According to the clinical trial documents of HAVRIX Study 231 released by GSK in 2013, over 62 percent of trial participants receiving HAVRIX alone, nearly 58 percent of trial participants receiving HAVRIX in combination with MMR and varicella vaccine, and over 66 percent of participants receiving MMR and varicella vaccine followed by HAVRIX at Day 42, experienced an adverse reaction in the first 30 days following vaccination.Of the 1,241 children who participated in this clinical trial, 51, or four percent, experienced a serious adverse event following vaccination, with half of those serious reactions occurring in children who received HAVRIX in combination with the MMR and varicella vaccine. In the United States, the hepatitis A vaccine is routinely administered with the MMR, varicella, and pneumococcal vaccines, in accordance to the CDC’s recommended vaccine schedule.

Details on the serious adverse events that occurred during HAVRIX Study 231 remain unknown, as the information was redacted by GSK prior to release. The document, however, reports that one serious adverse reaction, a diagnosis of autism following vaccination with HAVRIX in combination with the MMR and varicella vaccine, “was considered by the investigator to have a possible causal relationship to vaccination.”

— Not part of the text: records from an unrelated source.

Lemma in_Map_fourierE_swap (P Q : 'M[R[i]]_N) :
  in_Map F G P Q <->
  exists chi, is_grp_iso chi /\ P = Pinvmx (hFG chi) /\ Q = Pmx chi.
Proof.
have swap P' Q' : in_Map F G P' Q' -> in_Map F G Q' P'.
  by apply: in_Map_sym; apply: fourier_mx_tr.
split=> [/swap/in_Map_fourierE [chi [? [-> ->]]] | [chi [? [-> ->]]]].
  by exists chi.
by apply/swap/in_Map_fourierE; exists chi.
Qed.

End FourierMaps.
Arguments in_Map_fourierE {R N r s ns ms} card_F card_G P Q.
Arguments in_Map_fourierE_swap {R N r s ns ms} card_F card_G P Q.

Theorem corollary4p8 (R : realType) (N r s : nat)
    (ns : 'I_r -> nat) (ms : 'I_s -> nat)
    (hF : (\prod_(x < r) (ns x).+1)%N = N)
    (hG : (\prod_(x < s) (ms x).+1)%N = N) :
  (* (a) *)
  (forall P Q : 'M[R[i]]_N,
     (in_Stab (@fourier_mx R N r ns) P Q <->
      exists rho : grp ns -> grp ns, is_grp_iso rho /\
        P = @Pmx R N r r ns ns rho /\
        Q = @Pinvmx R N r r ns ns (@hFG R r r ns ns rho)) /\
     (in_Stab (@fourier_mx R N r ns) P Q <->
      exists rho : grp ns -> grp ns, is_grp_iso rho /\
        P = @Pinvmx R N r r ns ns (@hFG R r r ns ns rho) /\
        Q = @Pmx R N r r ns ns rho)) /\
  (* (b) *)
  (forall P Q : 'M[R[i]]_N,
     (in_Map (@fourier_mx R N r ns) (@fourier_mx R N s ms) P Q <->
      exists chi : grp ms -> grp ns, is_grp_iso chi /\
        P = @Pmx R N r s ns ms chi /\
        Q = @Pinvmx R N r s ns ms (@hFG R r s ns ms chi)) /\
     (in_Map (@fourier_mx R N r ns) (@fourier_mx R N s ms) P Q <->
      exists chi : grp ms -> grp ns, is_grp_iso chi /\
        P = @Pinvmx R N r s ns ms (@hFG R r s ns ms chi) /\
        Q = @Pmx R N r s ns ms chi)).
Proof.
split=> P Q; split.
- exact: (in_Map_fourierE hF hF).
- exact: (in_Map_fourierE_swap hF hF).
- exact: (in_Map_fourierE hF hG).
- exact: (in_Map_fourierE_swap hF hG).
Qed.
(** [p] is an admissible density for an N*-function [Phi] and
    [Phi x = \int_0^{|x|} p t dt < +oo] for all x. [p : [0,oo) -> [0,+oo]]
    is modelled as [R -> \bar R]; only its values on [0,oo) matter. *)
Definition Nstar_density (p : R -> \bar R) :=
  [/\ (forall t, 0 <= t -> (0 <= p t)%E),
      (forall t, 0 < t -> (0 < p t)%E),
      (forall s t, 0 <= s -> s <= t -> (p t <= p s)%E),
      (forall t, 0 <= t -> (p x @[x --> t ^'+] --> p t)) &
      (p x @[x --> 0 ^'+] --> +oo%E) /\
      (p x @[x --> +oo] --> 0%E)].

Definition Nstar_function (Phi : R -> R) :=
  exists p : R -> \bar R, Nstar_density p /\
    forall x : R, (\int[lebesgue_measure]_(t in segm x) p t < +oo)%E /\
              Phi x = fine (\int[lebesgue_measure]_(t in segm x) p t).

Definition inverse_on_nonneg (F G : R -> R) :=
  (forall x, 0 <= x -> 0 <= F x /\ G (F x) = x) /\
  (forall y, 0 <= y -> 0 <= G y /\ F (G y) = y).

Definition conj_density (m : R -> R) (t : R) : R :=
  sup [set s | 0 <= s /\ m s <= t].

Definition conj_Nfunction (m : R -> R) (t : R) : R :=
  fine (\int[lebesgue_measure]_(s in segm t) (conj_density m s)%:E)%E.

(** [Phihat] is the complementary N*-function of [Phi]:
    M = Phi^{-1} (on [0,oo)) is written M t = \int_0^{|t|} m with m
    non-decreasing and right-continuous on [0,oo); then Phihat is the
    inverse on [0,oo) of the conjugate N-function Mbar, extended evenly. *)
Definition complementary_Nstar (Phi Phihat : R -> R) :=
  exists (M m : R -> R),
    [/\ inverse_on_nonneg Phi M,
        (forall t : R, M t = fine (\int[lebesgue_measure]_(s in segm t) (m s)%:E)%E),
        (forall s t, 0 <= s -> s <= t -> m s <= m t),
        (forall t, 0 <= t -> (m x @[x --> t ^'+] --> m t)) &
        inverse_on_nonneg (conj_Nfunction m) Phihat /\
        (forall x, Phihat (- x) = Phihat x)].

Definition in_LPhi d (T : measurableType d) (mu : {measure set T -> \bar R})
  (Phi : R -> R) (f : T -> R) :=
  measurable_fun setT f /\ (\int[mu]_x (Phi (f x))%:E < +oo)%E.

End Orlicz.

From HB Require Import structures.
From mathcomp Require Import all_boot all_order all_algebra.
From mathcomp Require Import all_classical all_reals all_analysis.
From mathcomp Require Import measurable_realfun ring lra.
Import Order.TTheory GRing.Theory Num.Theory.
Import numFieldNormedType.Exports.
Local Open Scope classical_set_scope.
Local Open Scope ring_scope.

(** The inequality is integrated from the pointwise bound
       0 <= Phi a * Phihat b <= |a| + |b|,
   which is Young's inequality  u v <= M u + Mbar v  for the N-function
   M = Phi^{-1} = \int_0 m  and its conjugate  Mbar = \int_0 mbar,  applied to
   u = Phi |a|, v = Phihat |b|, so that M u = |a| and Mbar v = |b|.

   Young's inequality is proved by Riemann sums: for u = n h, the lower sum
   h \sum_{k<n} m (k h) bounds M u from below, and since mbar >= k h on the
   band where m (k h) <= t < m ((k+1) h), Mbar v is bounded below by
   h (n v - \sum_{k<n} m ((k+1) h)).  Adding, the sums telescope to
   u v - h (m u - m 0), and letting n -> oo gives the inequality. *)

(** Monotonicity of the integral of nonnegative functions; no measurability
    is needed since the integral of a nonnegative function is a supremum over
    simple functions below it. *)
Lemma ge0_le_integral_nonmeas d (T : measurableType d) (R : realType)
    (mu : {measure set T -> \bar R}) (D : set T) (f1 f2 : T -> \bar R) :
  (forall x, D x -> (0 <= f1 x)%E) -> (forall x, D x -> (f1 x <= f2 x)%E) ->
  (\int[mu]_(x in D) f1 x <= \int[mu]_(x in D) f2 x)%E.
Proof.
move=> f1_ge0 f12; rewrite !(integral_mkcond D).
have f1D_ge0 x : (0 <= (f1 \_ D) x)%E.
  by rewrite /patch; case: ifP => // /set_mem; exact: f1_ge0.
have f12D x : ((f1 \_ D) x <= (f2 \_ D) x)%E.
  by rewrite /patch; case: ifP => // /set_mem; exact: f12.
have f2D_ge0 x : (0 <= (f2 \_ D) x)%E by exact: le_trans (f12D x).
rewrite !ge0_integralTE//; apply: ereal_sup_le => _ [s /= s_le <-].
by exists s => //= x; exact: le_trans (s_le x) (f12D x).
Qed.

Lemma integral_cst_itv (R : realType) (c a b : R) (rb : bool) : a <= b ->
  (\int[lebesgue_measure]_(x in [set` Interval (BLeft a) (BSide rb b)])
     (cst c%:E) x = (c * (b - a))%:E)%E.
Proof.
move=> ab; rewrite integral_cst //=.
rewrite (lebesgue_measure_itv (Interval (BLeft a) (BSide rb b))) /=.
case: ifPn => [_|]; first by rewrite -EFinD -EFinM.
rewrite lte_fin -leNgt => ba.
by rewrite (_ : b = a) ?subrr ?mulr0 ?mule0 //; apply/le_anti; rewrite ba ab.
Qed.

Lemma integral_itv_le_bound (R : realType) (h : R -> R) (c a b : R) :
  a <= b -> (forall x, a <= x <= b -> 0 <= h x <= c) ->
  (\int[lebesgue_measure]_(x in `[a, b]) (h x)%:E <= (c * (b - a))%:E)%E.
Proof.
move=> ab hc; rewrite -(@integral_cst_itv _ c _ _ false ab).
apply: ge0_le_integral_nonmeas => x /=; rewrite in_itv /= => /hc /andP[h0 hx].
  by rewrite lee_fin.
by rewrite lee_fin.
Qed.

Lemma integral_step_lower_bound (R : realType) (h : R -> R) (p e : nat -> R)
    (N : nat) :
  measurable_fun setT h -> (forall x, 0 <= h x) ->
  (forall k, p k <= p k.+1) -> (forall k, 0 <= e k) ->
  (forall k x, p k <= x < p k.+1 -> e k <= h x) ->
  ((\sum_(k < N) e k * (p k.+1 - p k))%:E <=
    \int[lebesgue_measure]_(x in `[p 0%N, p N[) (h x)%:E)%E.
Proof.
move=> mh h_ge0 p_nd e_ge0 eh.
have p_mono := (nondecreasing_seqP p).1 p_nd.
elim: N => [|N IH].
  by rewrite big_ord0; apply: integral_ge0 => x _; rewrite lee_fin.
rewrite big_ord_recr /= EFinD (@itv_bndbnd_setU _ _ _ (BLeft (p N)));
  [|by rewrite bnd_simp p_mono|by rewrite bnd_simp].
rewrite ge0_integral_setU //; last 3 first.
- by apply/measurable_EFinP; exact: measurable_funTS.
- by move=> x _; rewrite lee_fin.
- apply/disj_setPS => x [] /=; rewrite !in_itv /= => /andP[_ xpN] /andP[pNx _].
  by move: (lt_le_trans xpN pNx); rewrite ltxx.
apply: leeD => //; rewrite -(@integral_cst_itv _ _ _ _ true (p_nd N)).
apply: ge0_le_integral_nonmeas => x /=; rewrite in_itv /= => xN.
  by rewrite lee_fin.
by rewrite lee_fin eh.
Qed.

Lemma segm_itv (R : realType) (w : R) : 0 <= w -> segm w = `[0, w]%classic.
Proof. by move=> w0; rewrite /segm ger0_norm. Qed.

Lemma le_fine (R : realType) (x : R) (y : \bar R) :
  (x%:E <= y)%E -> (y < +oo)%E -> x <= fine y.
Proof. by case: y => [r| |] //=; rewrite lee_fin. Qed.

Lemma sum_by_parts (R : realType) (c : R) (q : nat -> R) (N : nat) :
  \sum_(k < N) (k%:R * c) * (q k.+1 - q k) =
  c * (N%:R * q N - \sum_(k < N) q k.+1).
Proof.
elim: N => [|N IH]; first by rewrite !big_ord0 mul0r subr0 mulr0.
by rewrite !big_ord_recr /= IH -addn1 natrD; ring.
Qed.

Lemma le_of_le_add_div (R : realType) (x y K : R) : 0 <= K ->
  (forall n : nat, (0 < n)%N -> x <= y + K / n%:R) -> x <= y.
Proof.
move=> K0 H; apply/ler_addgt0Pr => e e0.
pose n := (Num.truncn (K / e)).+1.
apply: (le_trans (H n _)) => //; rewrite lerD2l.
have n0 : 0 < n%:R :> R by rewrite ltr0n.
rewrite ler_pdivrMr // -ler_pdivrMl // mulrC; apply/ltW.
exact: archimedean.Num.Theory.truncnS_gt.
Qed.

Section Young.
Variable R : realType.
Variable m : R -> R.
Hypothesis m_nd : forall s t, 0 <= s -> s <= t -> m s <= m t.
Hypothesis m_ge0 : forall s, 0 <= s -> 0 <= m s.
Hypothesis m_unbounded : forall t, exists s, 0 <= s /\ t < m s.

The HAVRIX Study 231 document released by GSK also noted that a diagnosis of or suspected immunodeficient condition such as HIV or a newly diagnosed neurologic disorder, in addition to other possible medical events that occurred during the clinical trial, would result in the removal of the individual’s results from the study’s final outcome. 1,474 children were initially enrolled in the study; however, final data includes the outcomes of only 1,241 children. In the Study 231 document, GSK states that four children who suffered adverse events were removed from the study and that seven others were eliminated for “other reasons”, with further details redacted by GSK.

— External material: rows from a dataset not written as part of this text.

Theorem lemma5 (R : realType) (n d p : nat)
  (Delta : 'I_n -> 'I_n -> 'M[R]_d) (S : 'I_n -> 'M[R]_(d, p)) (delta : R) :
  (1 <= n)%N -> (1 <= d)%N -> (d < p)%N ->
  (forall i j, Delta i j = (Delta j i)^T) ->
  (forall i, Delta i i = 0) ->
  0 < delta ->
  second_order_critical Delta S ->
  dF S <= delta * Num.sqrt (d%:R / n%:R) * opnorm (bigDelta Delta) ->
  (forall (i : 'I_n) (lam : R), eigenvalue (Lambda Delta S i) lam ->
     lam >= n%:R - delta ^+ 2 * d%:R * opnorm (bigDelta Delta) ^+ 2 / (2 * n%:R)
            - \big[Num.max/0]_(k < n)
                opnorm (\sum_(j < n | j != k) Delta k j *m S j))
  /\
  \big[Num.max/0]_(i < n) opnorm (\sum_(j < n | j != i) Delta i j *m S j)
  <= delta * Num.sqrt (d%:R / n%:R) * opnorm (bigDelta Delta)
       * \big[Num.max/0]_(i < n) opnorm (blockcol Delta i)
     + \big[Num.max/0]_(i < n) opnorm (\sum_(j < n) Delta i j).
Proof.
move=> n_gt0 _ d_lt_p Delta_sym Delta_diag0 delta_gt0 S_crit dF_le.
have d_le_p := ltnW d_lt_p.
set b := delta * _ * _ in dF_le *.
have b_ge0 : 0 <= b by rewrite !mulr_ge0 ?sqrtr_ge0 ?opnorm_ge0 ?ltW.
have dF_sqr_le : dF S ^+ 2 <= b ^+ 2 by rewrite lerXn2r ?nnegrE ?dF_ge0.
split=> [i lam eig|].
  set m := \big[Num.max/0]_(k < n) _.
  have m_ge : opnorm (offdiag_sum Delta S i) <= m.
    exact: le_bigmax 0 (fun k => opnorm (offdiag_sum Delta S k)) i.
  have : 2 * (n%:R - m - lam) <= b ^+ 2.
    apply: le_trans dF_sqr_le; apply: le_dF_sqr => // Q QQt.
    have := Lambda_eigenvalue_ge Delta_diag0 S_crit d_lt_p eig QQt; lra.
  have -> : delta ^+ 2 * d%:R * opnorm (bigDelta Delta) ^+ 2 / (2 * n%:R) = b ^+ 2 / 2.
    rewrite /b !exprMn sqr_sqrtr ?divr_ge0 //; field.
    by rewrite pnatr_eq0 -lt0n.
  lra.
set M1 := \big[Num.max/0]_(i < n) opnorm (blockcol Delta i).
set M2 := \big[Num.max/0]_(i < n) opnorm (\sum_j Delta i j).
have M1_ge0 : 0 <= M1 by apply: bigmax_ge_id.
have M2_ge0 : 0 <= M2 by apply: bigmax_ge_id.
apply: bigmax_le => [|i _]; first by rewrite addr_ge0 // mulr_ge0.
apply: le_trans (_ : _ <= M1 * dF S + M2) _; last by rewrite mulrC lerD2r ler_wpM2r.
apply: ler_mul_dF => // Q QQt.
apply: le_trans (opnorm_offdiag_le S Delta_sym Delta_diag0 i QQt) _.
rewrite lerD ?ler_wpM2r ?sqrtr_ge0 //.
- exact: le_bigmax 0 (fun k => opnorm (blockcol Delta k)) i.
- exact: le_bigmax 0 (fun k => opnorm (\sum_j Delta k j)) i.
Qed.
Lemma in_conv_setC1P c a : 0 < \sum_i c i -> nu a != 0 ->
  in_conv p (~: [set a]) (barycenter p c) <-> forall i, 0 <= c i - c a / nu a * nu i.
Proof.
move=> c_gt0 nua; rewrite in_conv_circuitP //; split => [[t [ge0 t0]]|ge0].
  have ta : t = - (c a / nu a).
    apply: (mulIf nua); rewrite mulNr divfK //; apply/eqP.
    by rewrite -addr_eq0 addrC t0 // !inE eqxx.
  by move=> i; rewrite -mulNr -ta.
exists (- (c a / nu a)); split => [i|i]; first by rewrite mulNr.
by rewrite !inE negbK => /eqP ->; rewrite mulNr divfK // subrr.
Qed.

Lemma aff_indep_setC1 a : aff_indep p (~: [set a]) <-> nu a != 0.
Proof.
split=> [indep|nua w wa w_sum w_dep].
  have [i nui] := circuit_neq0 circ; apply: contraNneq nui => nua.
  apply/eqP; apply: indep (circuit_sum circ) (circuit_dep circ) i => j.
  by rewrite !inE negbK => /eqP ->.
have [t wE] := circuit_dependenceP w_sum w_dep.
have t0 : t = 0.
  by apply/eqP; rewrite -(mulIr_eq0 _ (mulIf nua)) -wE wa // !inE eqxx.
by move=> i; rewrite wE t0 mul0r.
Qed.

Lemma in_conv_circuit_cell x :
  in_conv p setT x -> exists2 a, 0 < nu a & in_conv p (~: [set a]) x.
Proof.
case=> u [u_ge0 _ u1 ->]; rewrite -barycenter1 //.
have [a0 a0_gt0] := circuit_exists_pos.
have [a a_gt0 a_min] := arg_minP (fun i => u i / nu i) (a0_gt0 : (fun i => 0 < nu i) a0).
exists a => //; apply/in_conv_setC1P; rewrite ?u1 ?ltr01 ?gt_eqF // => i.
have ua_ge0 : 0 <= u a / nu a by rewrite divr_ge0 // ltW.
case: (ltP 0 (nu i)) => [nui_gt0|nui_le0].
  by rewrite subr_ge0 -ler_pdivlMr // a_min.
by rewrite addr_ge0 // oppr_ge0 mulr_ge0_le0.
Qed.

Lemma in_conv_setC1I a b x : 0 < nu a -> 0 < nu b ->
  in_conv p (~: [set a]) x -> in_conv p (~: [set b]) x ->
  in_conv p (~: [set a] :&: ~: [set b]) x.
Proof.
move=> nua nub [w [w_ge0 wa w1 xE]]; rewrite [in X in X -> _]xE -barycenter1 //.
have w_gt0 : 0 < \sum_i w i by rewrite w1 ltr01.
move/(in_conv_setC1P w_gt0 (lt0r_neq0 nub))/(_ a); rewrite wa ?inE ?eqxx //.
rewrite sub0r oppr_ge0 pmulr_lle0 // pmulr_lle0 ?invr_gt0 // => wb_le0.
have wb : w b = 0 by apply/le_anti; rewrite wb_le0 w_ge0.
exists w; split => // i; rewrite !inE negb_and !negbK.
by case/orP => /eqP ->; [apply: wa; rewrite !inE eqxx|].
Qed.
(* Let $u$ be a parking sorted configuration on $K_{m,n}$ (with arbitrary value $u_{a_m}\in\mathbb Z$ at the sink). Then $$\mathrm{xpara}(u)=(m-1)(n-1)+\mathrm{rank}(u)-\mathrm{degree}(u)\qquad\text{and}\qquad \mathrm{ypara}(u)=\mathrm{rank}(u)+1.$$
   Context: Let $m,n\ge 1$. $K_{m,n}$ is the complete bipartite graph with vertex set $V=A_m\sqcup B_n$, $A_m=\{a_1,\dots,a_m\}$, $B_n=\{b_1,\dots,b_n\}$, with exactly one edge $\{a_i,b_j\}$ for every $i,j$; $a_m$ is the sink. A configuration is a function $u:V\to\mathbb Z$; $\mathrm{degree}(u)=\sum_c u_c$. For $c\in V$ with graph degree $d_c$, $\Delta^{(c)}=d_c e_c-\sum_{c'\text{ adjacent to }c}e_{c'}$, with $e_c$ the indicator configuration of $c$; $\Delta^{(C)}=\sum_{c\in C}\Delta^{(c)}$. Toppling equivalence: difference in the integer span of the $\Delta^{(c)}$. Effective: toppling equivalent to a non-negative configuration. $\mathrm{rank}(u)=-1+\min\{\mathrm{degree}(f): f\ge0,\ u-f\text{ not effective}\}$. $u$ is parking if $u_c\ge0$ for $c\ne a_m$ and for every non-empty $C\subseteq V\setminus\{a_m\}$, $u-\Delta^{(C)}$ has a negative value at a vertex other than $a_m$; sorted if $u_{a_1}\le\dots\le u_{a_{m-1}}$ and $u_{b_1}\le\dots\le u_{b_n}$. The $r$-vector of a parking sorted $u$ is $(r_1,\dots,r_n)$, $r_i=u_{b_i}+1-\#\{j\in\{1,\dots,m-1\}: u_{a_j}+1\le i-1\}$ (one has $-m+2\le r_i\le 1$). Labels: for $\sigma\in\mathbb Z$ write $\sigma=qn+t$ with $q,t\in\mathbb Z$, $0\le t<n$; call $\sigma$ right (for $u$) if $q+r_{t+1}\ge 1$ and left otherwise (in the paper, $\sigma$ labels a cell of the cylindric diagram, lying to the right resp. left of the red path). Define $\mathrm{xpara}(u)=\#\{\sigma\in\mathbb Z:\sigma>u_{a_m},\ \sigma\text{ left}\}$ (unvisited left cells) and $\mathrm{ypara}(u)=\#\{\sigma\in\mathbb Z:\sigma\le u_{a_m},\ \sigma\text{ right}\}$ (visited right cells); both are finite. *)

From HB Require Import structures.
From mathcomp Require Import all_boot all_order all_algebra.
From Stdlib Require Import ClassicalEpsilon.
Set Implicit Arguments. Unset Strict Implicit. Unset Printing Implicit Defensive.
Import Order.TTheory GRing.Theory Num.Theory.
Local Open Scope ring_scope.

TWINRIX: Adverse events reported to have occurred during pre-licensing clinical trials of GlaxoSmithKline (GSK)’s TWINRIX hepatitis A/ hepatitis B vaccine included: injection site redness, pain, induration, and swelling; headache; fatigue; nausea; diarrhea; vomiting; upper respiratory infections; insomnia; anorexia; dizziness; migraine; paresthesia; somnolence; syncope; vertigo; muscle and joint pain; back pain; constipation; weakness; agitation; irritability, abdominal pain; influenza-like illness; erythema; petechiae; rash; sweating; urticaria; lymphadenopathy; dysgeusia; hypertonia; tingling; migraine; flushing; photophobia and hypotension.

Serious complications reported by GSK in the TWINRIX product insert during vaccine post-marketing surveillance have included: meningitis, herpes zoster; allergic reaction, anaphylactoid reaction, anaphylaxis, serum sickness–like syndrome days to weeks after vaccination (including arthralgia/arthritis; fever; urticaria; erythema multiforme; ecchymoses; and erythema nodosum) thrombocytopenia; thrombocytopenic purpura; Bell's palsy; convulsions; encephalitis; encephalopathy; Guillain-Barré Syndrome; myelitis; multiple sclerosis; neuritis; neuropathy; optic neuritis; paralysis; paresis; transverse myelitis; hepatitis; jaundice; shortness of breath; bronchospasm, including asthma-like symptoms; conjunctivitis; visual disturbances; earache; tinnitus; palpitations; tachycardia; vasculitis; dyspepsia; arthritis; alopecia; eczema; erythema multiforme; erythema nodosum; hyperhidrosis; lichen planus and muscular weakness.

Pre-licensure clinical trials of TWINRIX, a bivalent vaccine combining HAVRIX (inactivated Hepatitis A vaccine) and ENGERIX-B (recombinant Hepatitis B vaccine), were limited to approximately 2,500 trial participants. In the United States, TWINRIX was studied for use in only 773 healthy adults between the ages of 18 and 70. In this U.S. pre-clinical vaccine trial, study participants received either TWINRIX, a dose of HAVRIX (hepatitis A vaccine), a dose ENGERIX-B (Hepatitis B vaccine), or a dose of both HAVRIX and ENGERIX-B. Adverse events such as fever, irritability, and drowsiness, loss of appetite, redness, pain, and swelling were actively solicited by clinical trial monitors for only 3 days following vaccination. Data on unsolicited adverse reactions were collected between Day 4 and Day 31 following vaccine administration. GSK reports that the data collected from U.S. clinical trials were comparable to those reported from other clinical trials, however, this data has not been published. Adverse events reported during the pre-licensure clinical trials included injection site redness, swelling, and induration, agitation, insomnia, abdominal pain, vomiting, anorexia, respiratory tract infections, vertigo, dizziness, migraine, rash, weakness, and more.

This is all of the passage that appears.